Chapter 22

Chapter 223,875 wordsPublic domain

In the context of information retrieval (IR) and automated text summarization (SUM), multilingualism on the Web is another complexifying factor. People will write their own language for several reasons -- convenience, secrecy, and local applicability -- but that does not mean that other people are not interested in reading what they have to say! This is especially true for companies involved in technology watch (say, a computer company that wants to know, daily, all the Japanese newspaper and other articles that pertain to what they make) or some government intelligence agencies (the people who provide the most up-to-date information for use by your government officials in making policy, etc.). One of the main problems faced by these kinds of people is the flood of information, so they tend to hire "weak" bilinguals who can rapidly scan incoming text and throw out what is not relevant, giving the relevant stuff to professional translators. Obviously, a combination of SUM and MT (machine translation) will help here; since MT is slow, it helps if you can do SUM in the foreign language, and then just do a quick and dirty MT on the result, allowing either a human or an automated IR-based text classifier to decide whether to keep or reject the article.

For these kinds of reasons, the US Government has over the past five years been funding research in MT, SUM, and IR, and is interested in starting a new program of research in Multilingual IR. This way you will be able to one day open Netscape or Explorer or the like, type in your query in (say) English, and have the engine return texts in all the languages of the world. You will have them clustered by subarea, summarized by cluster, and the foreign summaries translated, all the kinds of things that you would like to have.

You can see a demo of our version of this capability, using English as the user language and a collection of approx. 5,000 texts of English, Japanese, Arabic, Spanish, and Indonesian, by visiting MuST (Multilingual information retrieval, summarization, and translation system).

Type your query word (say, "baby", or whatever you wish) in and press Enter/Return. In the middle window you will see the headlines (or just keywords, translated) of the retrieved documents. On the left you will see what language they are in: "Sp" for Spanish, "Id" for Indonesian, etc. Click on the number at left of each line to see the document in the bottom window. Click on "Summarize" to get a summary. Click on 'Translate' for a translation (but beware: Arabic and Japanese are extremely slow! Try Indonesian for a quick word-by-word "translation" instead).

This is not a product (yet); we have lots of research to do in order to improve the quality of each step. But it shows you the kind of direction we are heading in.
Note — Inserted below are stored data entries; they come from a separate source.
(* Let $v\geq 7$ be an integer with $v\equiv 1$ or $7\pmod{14}$. Then $K^*_v$ has a $D_i$-decomposition for every $i\in[1,7]$.
   Context: $K^*_v$ denotes the complete symmetric digraph of order $v$: it has $v$ vertices and contains both arcs $(x,y)$ and $(y,x)$ for every pair of distinct vertices $x,y$. A $D$-decomposition of a digraph $K$ is a set of subdigraphs of $K$, each isomorphic to $D$, such that every arc of $K$ lies in exactly one of them. For distinct vertices $v_0,\dots,v_6$, the digraphs $D_i[v_0,v_1,\dots,v_6]$ ($i\in[1,7]$) all have vertex set $\{v_0,\dots,v_6\}$ and the following arc sets: $D_1$: $(v_1,v_0),(v_1,v_2),(v_2,v_3),(v_3,v_4),(v_4,v_5),(v_5,v_6),(v_6,v_0)$; $D_2$: $(v_1,v_0),(v_2,v_1),(v_2,v_3),(v_3,v_4),(v_4,v_5),(v_5,v_6),(v_6,v_0)$; $D_3$: $(v_1,v_0),(v_1,v_2),(v_3,v_2),(v_3,v_4),(v_4,v_5),(v_5,v_6),(v_6,v_0)$; $D_4$: $(v_1,v_0),(v_1,v_2),(v_2,v_3),(v_4,v_3),(v_4,v_5),(v_5,v_6),(v_6,v_0)$; $D_5$: $(v_1,v_0),(v_2,v_1),(v_3,v_2),(v_3,v_4),(v_4,v_5),(v_5,v_6),(v_6,v_0)$; $D_6$: $(v_1,v_0),(v_2,v_1),(v_2,v_3),(v_3,v_4),(v_5,v_4),(v_5,v_6),(v_6,v_0)$; $D_7$: $(v_1,v_0),(v_1,v_2),(v_3,v_2),(v_3,v_4),(v_4,v_5),(v_6,v_5),(v_6,v_0)$. $D_i$ also denotes the isomorphism type of $D_i[v_0,\dots,v_6]$. *)

From mathcomp Require Import all_boot.
Set Implicit Arguments. Unset Strict Implicit. Unset Printing Implicit Defensive.

Definition Darcs {T : Type} (i : nat) (v0 v1 v2 v3 v4 v5 v6 : T) : seq (T * T) :=
  match i with
  | 1 => [:: (v1,v0); (v1,v2); (v2,v3); (v3,v4); (v4,v5); (v5,v6); (v6,v0)]
  | 2 => [:: (v1,v0); (v2,v1); (v2,v3); (v3,v4); (v4,v5); (v5,v6); (v6,v0)]
  | 3 => [:: (v1,v0); (v1,v2); (v3,v2); (v3,v4); (v4,v5); (v5,v6); (v6,v0)]
  | 4 => [:: (v1,v0); (v1,v2); (v2,v3); (v4,v3); (v4,v5); (v5,v6); (v6,v0)]
  | 5 => [:: (v1,v0); (v2,v1); (v3,v2); (v3,v4); (v4,v5); (v5,v6); (v6,v0)]
  | 6 => [:: (v1,v0); (v2,v1); (v2,v3); (v3,v4); (v5,v4); (v5,v6); (v6,v0)]
  | 7 => [:: (v1,v0); (v1,v2); (v3,v2); (v3,v4); (v4,v5); (v6,v5); (v6,v0)]
  | _ => [::]
  end.

Definition block_arcs (v i : nat) (b : 7.-tuple 'I_v) : seq ('I_v * 'I_v) :=
  Darcs i (tnth b (inord 0)) (tnth b (inord 1)) (tnth b (inord 2))
          (tnth b (inord 3)) (tnth b (inord 4)) (tnth b (inord 5))
          (tnth b (inord 6)).

(* K*_v has vertex set 'I_v and arcs (x,y) for all x != y. *)
Definition has_D_decomposition (v i : nat) : Prop :=
  exists B : seq (7.-tuple 'I_v),
    (forall b, b \in B -> uniq b) /\
    (forall x y : 'I_v, x != y ->
       count (fun b => (x, y) \in block_arcs i b) B = 1).

(* The arcs of D_i orient the edges of the 7-cycle v0 v1 ... v6 v0.  For v = 14k+1,
   take k base 7-cycles c_j in Z_v whose 14k edge differences +-(c_j(t+1) - c_j(t))
   are exactly the nonzero residues.  Develop every c_j and its negative -c_j over
   Z_v and orient each translate as D_i: whichever way D_i orients an edge, the
   translates of c_j and -c_j realise both of its differences, so every arc (x, y)
   lies in exactly one block.  For v = 14k+7 = 7(2k+1) the edge differences miss
   exactly the multiples of 2k+1; those arcs join vertices of the same residue class
   mod 2k+1, a copy of K*_7, which is decomposed by an explicit D_i-decomposition
   of K*_7. *)

From mathcomp Require Import all_boot all_algebra zify.
Set Implicit Arguments. Unset Strict Implicit. Unset Printing Implicit Defensive.
Import GRing.Theory.

Definition Dshape (i : nat) : seq ('I_7 * 'I_7) :=
  Darcs i (inZp 0) (inZp 1) (inZp 2) (inZp 3) (inZp 4) (inZp 5) (inZp 6).

Definition shape_arcs (T : Type) (i : nat) (b : 7.-tuple T) : seq (T * T) :=
  [seq (tnth b p.1, tnth b p.2) | p <- Dshape i].

Lemma block_arcsE v i (b : 7.-tuple 'I_v) : block_arcs i b = shape_arcs i b.
Proof.
have inordE k : k < 7 -> inord k = inZp k :> 'I_7.
  by move=> lt_k7; apply: val_inj; rewrite /= inordK // modn_small.
by rewrite /block_arcs !inordE //; case: i => [|[|[|[|[|[|[|[|i]]]]]]]].
Qed.

Lemma shape_arcs_map (T U : Type) (f : T -> U) i (b : 7.-tuple T) :
  shape_arcs i (map_tuple f b) = [seq (f p.1, f p.2) | p <- shape_arcs i b].
Proof. by rewrite /shape_arcs -map_comp; apply: eq_map => p /=; rewrite !tnth_map. Qed.

Lemma Dshape_uniq i : uniq (Dshape i).
Proof. by case: i => [|[|[|[|[|[|[|[|i]]]]]]]]; vm_compute. Qed.

Lemma Dshape_cycle i : 1 <= i <= 7 -> exists flip : pred nat,
  Dshape i = [seq if flip t then (inZp t.+1, inZp t) else (inZp t, inZp t.+1) | t <- iota 0 7].
Proof.
case: i => [|[|[|[|[|[|[|[|i]]]]]]]] //= _;
  [ exists (mem [:: 0])
  | exists (mem [:: 0; 1])
  | exists (mem [:: 0; 2])
  | exists (mem [:: 0; 3])
  | exists (mem [:: 0; 1; 2])
  | exists (mem [:: 0; 1; 4])
  | exists (mem [:: 0; 2; 5]) ]; by apply/eqP; vm_compute.
Qed.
= How do you see the future?

The Internet is, as I see it, a fantastic gift to humanity. It is, as one of my graduate students recently said, the next step in the evolution of information access. A long time ago, information was transmitted orally only; you had to be face-to-face with the speaker. With the invention of writing, the time barrier broke down -- you can still read Seneca and Moses. With the invention of the printing press, the access barrier was overcome -- now anyone with money to buy a book can read Seneca and Moses. And today, information access becomes almost instantaneous, globally; you can read Seneca and Moses from your computer, without even knowing who they are or how to find out what they wrote; simply open AltaVista and search for "Seneca". This is a phenomenal leap in the development of connections between people and cultures. Look how today's Internet kids are incorporating the Web in their lives.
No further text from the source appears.